Читаем Лето на водах полностью

Кавалергарды оберегали честь полка, как они её понимали, и собственное душевное спокойствие. Но этим же они оберегали и Лермонтова, как бы вычеркнув из дела важное, отягчающее вину подсудимого обстоятельство: авторство, пусть и в прошлом, нашумевших «непозволительных стихов».

Подводившая многих формула «по совокупности проступков» Лермонтову больше не угрожала.

И хотя суд, собственно, ещё и не начинался, Лермонтов переступил с ноги на ногу и облегчённо вздохнул.

9


В тот день, шестнадцатого марта, допроса по существу дела так и не состоялось: судьи забыли представить Лермонтова на медицинское освидетельствование, а без официальной справки об этом затруднялось судоговорение, поскольку речь должна была пойти о дуэли.

Полетика, с явным облегчением, приказал вернуть Лермонтова на гауптвахту. Это облегчение чувствовали и остальные кавалергарды, и сам Лермонтов, и только жандармский поручик с трудом сдерживал свою досаду и разочарование.

В следующий раз жандармы подвезли Лермонтова прямо к лазарету. В приёмном покое нетерпеливо похаживал по гладкому кафельному полу щеголеватый поручик Самсонов, а в углу, у окна, на некрашеных табуретах сидели Бетанкур и Апраксин, о чём-то лениво переговариваясь. Когда Лермонтов, сопровождаемый конвоиром, вошёл, они поднялись, и Бетанкур как-то уж очень просто, не по-судейски и не по-военному, сказал:

   — Пойдёмте к доктору.

Лермонтов молча скинул шинель и шляпу на табурет и пошёл за кавалергардами и жандармом.

В кабинете их встретил штаб-лекарь Кавалергардского полка надворный советник Дубницкий в небрежно накинутом поверх мундира белом халате. Лермонтов знал и его: в лагерях, в Красном Селе, Дубницкий обычно дежурил на скачках во время офицерских заездов на тот случай, если бы кто-нибудь разбился.

   — Э-э, какой знаменитый наездник к нам пожаловал... — весело начал он, тоже узнав Лермонтова, но при виде голубого мундира сразу же осёкся. — Раздевайтесь, пожалуйста, — обратился он к Лермонтову уже более официальным тоном.

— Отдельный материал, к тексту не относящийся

(* Let $n\ge1$. Let $\mathscr{R}_n$ be the lattice, ordered by inclusion, of all sets $\Gamma$ of relations on $[n]=\{1,\dots,n\}$ that are closed under $\{\exists,\forall,\wedge,\vee\}$-FO-definability, and let $\mathscr{F}_n$ be the lattice, ordered by inclusion, of all down-shop-monoids on $[n]$. Then $\mathscr{R}_n$ and $\mathscr{F}_n$ are isomorphic, and the operators $\mathrm{Inv}$ and $\mathrm{shE}$ induce isomorphisms between them.
   Context: $\{\exists,\forall,\wedge,\vee\}$-FO is positive first-order logic without equality. A set $\Gamma$ of relations on $[n]$ is closed under $\{\exists,\forall,\wedge,\vee\}$-FO-definability if every relation definable by a formula of that logic over the structure $([n];\Gamma)$ (with $\Gamma$ as a possibly countably infinite signature) already belongs to $\Gamma$. A multipermutation on $[n]$ is a map $f:[n]\to\mathcal{P}([n])\setminus\{\emptyset\}$ such that every $y$ lies in some $f(x)$. $f$ preserves $R\subseteq[n]^i$ if $(x_1,\dots,x_i)\in R$ and $y_j\in f(x_j)$ imply $(y_1,\dots,y_i)\in R$. $\mathrm{Inv}(F)$ is the set of relations preserved by all $f\in F$; $\mathrm{shE}(\Gamma)$ is the set of multipermutations preserving all relations in $\Gamma$. Composition $g\circ f$ is $x\mapsto\{z:\exists y\,(y\in f(x)\wedge z\in g(y))\}$, $f$ is a sub-multipermutation of $g$ if $f(x)\subseteq g(x)$ for all $x$; a down-shop-monoid (DSM) is a set of multipermutations containing the identity $x\mapsto\{x\}$ and closed under composition and under sub-multipermutations that are multipermutations. *)

From mathcomp Require Import all_boot.
Set Implicit Arguments. Unset Strict Implicit. Unset Printing Implicit Defensive.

Лермонтов неохотно, но торопливо и, как ему казалось, униженно стал расстёгивать крючки и пуговицы на вицмундире, а скинув его, заколебался и белую тонкую рубашку снял только после того, как Дубницкий остановил на нём выжидательный взгляд.

   — Ну-с, покажите-ка, где на вас расписался французик? — снова шутливо заговорил Дубницкий.

Найдя взглядом узкую фиолетовую полоску на груди у Лермонтова, он погладил её холодными пальцами — самыми кончиками, как гладят бумагу, желая узнать, насколько она гладкая. Потом так же погладил и шрам на руке, который был несколько шире и глубже.

   — Пустяки, — сказал он, — почерк детский. Не так ли, Альфонс Августинович? А вы как считаете, граф?

Дубницкий повернулся к сослуживцам, нарочно не обращая внимания на жандармского поручика, который, близоруко сощурясь и напустив на себя понимающий вид, тоже разглядывал следы Барантовой шпаги.

   — Нам от вас и нужно только короткое письменное заключение, — неожиданно сухо сказал Бетанкур, и Апраксин кивнул и улыбнулся, смягчая его сухость.

Дубницкий сел к столу.

   — Так за что же вас судят? — поднял он глаза на Лермонтова. — За то, что мало попало? Или за то, что сами отпустили француза целёхоньким?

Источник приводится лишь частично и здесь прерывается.